If you think it can’t have any relation to how you handle their money, she mentions the case of a woman featured on the television series 20/20. “She was incredibly wealthy,” says Weitzman, “and he forced her at knifepoint to sign over stock papers.” In another incident, a woman had inherited a lot of money from her parents and her husband took charge of it and dissipated it, stashing some in private accounts. And in a market downturn, such as we’ve been experiencing, it can be even more accentuated, because the upscale man who abuses often has his whole identity tied up in money and power. Loss of either one or the added frustration of a volatile market can accelerate or intensify his striking out against his partner.

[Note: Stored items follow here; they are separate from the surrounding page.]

Theorem mainTheorem2 (R : realType) (r k : nat) (A : 'M[R[i]]_r)
  (B C : 'I_k -> 'M[R[i]]_r) (n : nat) :
  (1 <= k)%N ->
  (forall (i : 'I_k) (m : nat), C i + (m%:R)%:M \in unitmx) ->
  (forall i : 'I_k, A *m B i = B i *m A) ->
  (forall i j : 'I_k, B i *m B j = B j *m B i) ->
  (forall i j : 'I_k, C i *m C j = C j *m C i) ->
  (1 <= n)%N ->
  (forall m : nat, A + (m%:R)%:M \in unitmx) ->
  (forall m : mindex k,
     FA (A + (n%:R)%:M) B C m =
     \sum_(nv : {ffun 'I_k -> 'I_n.+1} | (mtot [ffun i => (nv i : nat)] <= n)%N)
        let nv' := [ffun i => (nv i : nat)] in
        (multinom n nv')%:R *:
          mono_mul (mxprod (fun i => mpoch (B i) (nv' i))) nv'
            (FA (A + ((mtot nv')%:R)%:M)
                (fun i => B i + ((nv' i)%:R)%:M)
                (fun i => C i + ((nv' i)%:R)%:M))
            (mxprod (fun i => mpochinv (C i) (nv' i))) m)
  /\
  ((forall n1 : nat, (n1 <= n)%N -> A - (n1%:R)%:M \in unitmx) ->
   forall m : mindex k,
     FA (A - (n%:R)%:M) B C m =
     \sum_(nv : {ffun 'I_k -> 'I_n.+1} | (mtot [ffun i => (nv i : nat)] <= n)%N)
        let nv' := [ffun i => (nv i : nat)] in
        ((multinom n nv')%:R * (-1) ^+ (mtot nv')) *:
          mono_mul (mxprod (fun i => mpoch (B i) (nv' i))) nv'
            (FA A
                (fun i => B i + ((nv' i)%:R)%:M)
                (fun i => C i + ((nv' i)%:R)%:M))
            (mxprod (fun i => mpochinv (C i) (nv' i))) m).
Proof.
move=> _ unitC commAB commB commC _ _.
(* Empty matrices are trivial; otherwise the r x r matrices form a ring. *)
case: r A B C unitC commAB commB commC => [|r] A B C unitC commAB commB commC.
  by split=> [m|_ m]; apply/matrixP => -[].
have unitC' i (j : nat) : C i + j%:R \is a GRing.unit by rewrite -scalar_mx_nat.
have commShiftB N i : GRing.comm (A + (N%:R)%:M) (B i).
  exact/commr_sym/comm_shift/commr_sym/commAB.
split=> [m | _ m].
  apply: (eq_trans _ (esym (assemble commB commC unitC' (s := fun=> 1)
    (W := fun v => (multinom n v)%:R) m commShiftB (fun v => esym (mulr1 _))))).
  by rewrite /FA mpoch_addn; congr (_ *: (_ *m _ *m _)); apply: eq_bigr => N _; rewrite mulr1.
apply: (eq_trans _ (esym (assemble commB commC unitC' (G := fun=> A)
  (s := fun N => (-1) ^+ N) m (fun _ => commAB) (fun v => erefl)))).
by rewrite /FA mpoch_subn.
Qed.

“People in general,” says Weitzman, “need to become comfortable with the notion that abuse happens to people like us: upper educated, upper income. Breaking the myth and turning your own thinking around is the first step. Do an evaluation of how you feel about that.” Something else you need to consider, she points out, is what you will do if you do find it within your client base. “Suppose you find that your client is an abusive husband? Will you take a moral stand and not work with him? These men can be very charming.” Advisors have a decision to make along those lines, she says. “Will you have a ‘Don’t ask, don’t tell’ situation? There are a lot of consequences to more education [about whether abuse occurs]. Familiarize yourself with the fact that it does happen, and see how you feel about that. Each individual has to make their own personal moral judgment on what stand they want to take.”
What You Can Do
As far as what you can do, she reiterates that it is a very touchy area. “It depends on the relationship the advisor has with his client and who the client is,” she says. But a lot also has to do with your own perception of your clients and abuse itself. “When I had started the Abuse Awareness League in 1992, I spoke with a gynecologist who worked with high-profile patients,” Weitzman relates. “I asked him that if he saw a woman come in with bruises, would he say anything. He said it was touchy and he didn’t want to upset his patients or open himself to litigation.” One thing she suggests you do is to leave information in your ladies’ room on domestic abuse. There is a test on her Web site (www.nottopeoplelikeus.com) that a woman can take to determine whether she is indeed being abused (many women do not admit it to themselves, or have not allowed themselves to consciously identify the treatment they receive as abuse). “Gentle education and opening the door is all you can do,” she says, unless you feel they’re in danger. The safety of the woman has to be one’s primary concern, and sometimes overt action can do more harm than good.
“Another thing to consider is that because of the nature of upscale violence, and because the upscale batterer can have such different faces in public and in private, the woman tends to blame herself. She isolates, and doesn’t get help, and because people disbelieve her she becomes more isolated and shamed. This is key when you approach [a victim]–very gingerly, very delicately. Not to be apologetic about it–’I'm sorry for asking’–but, ‘This may be delicate, but I feel compelled to say that I know this happens to people.’ It needs to be delicately handled.”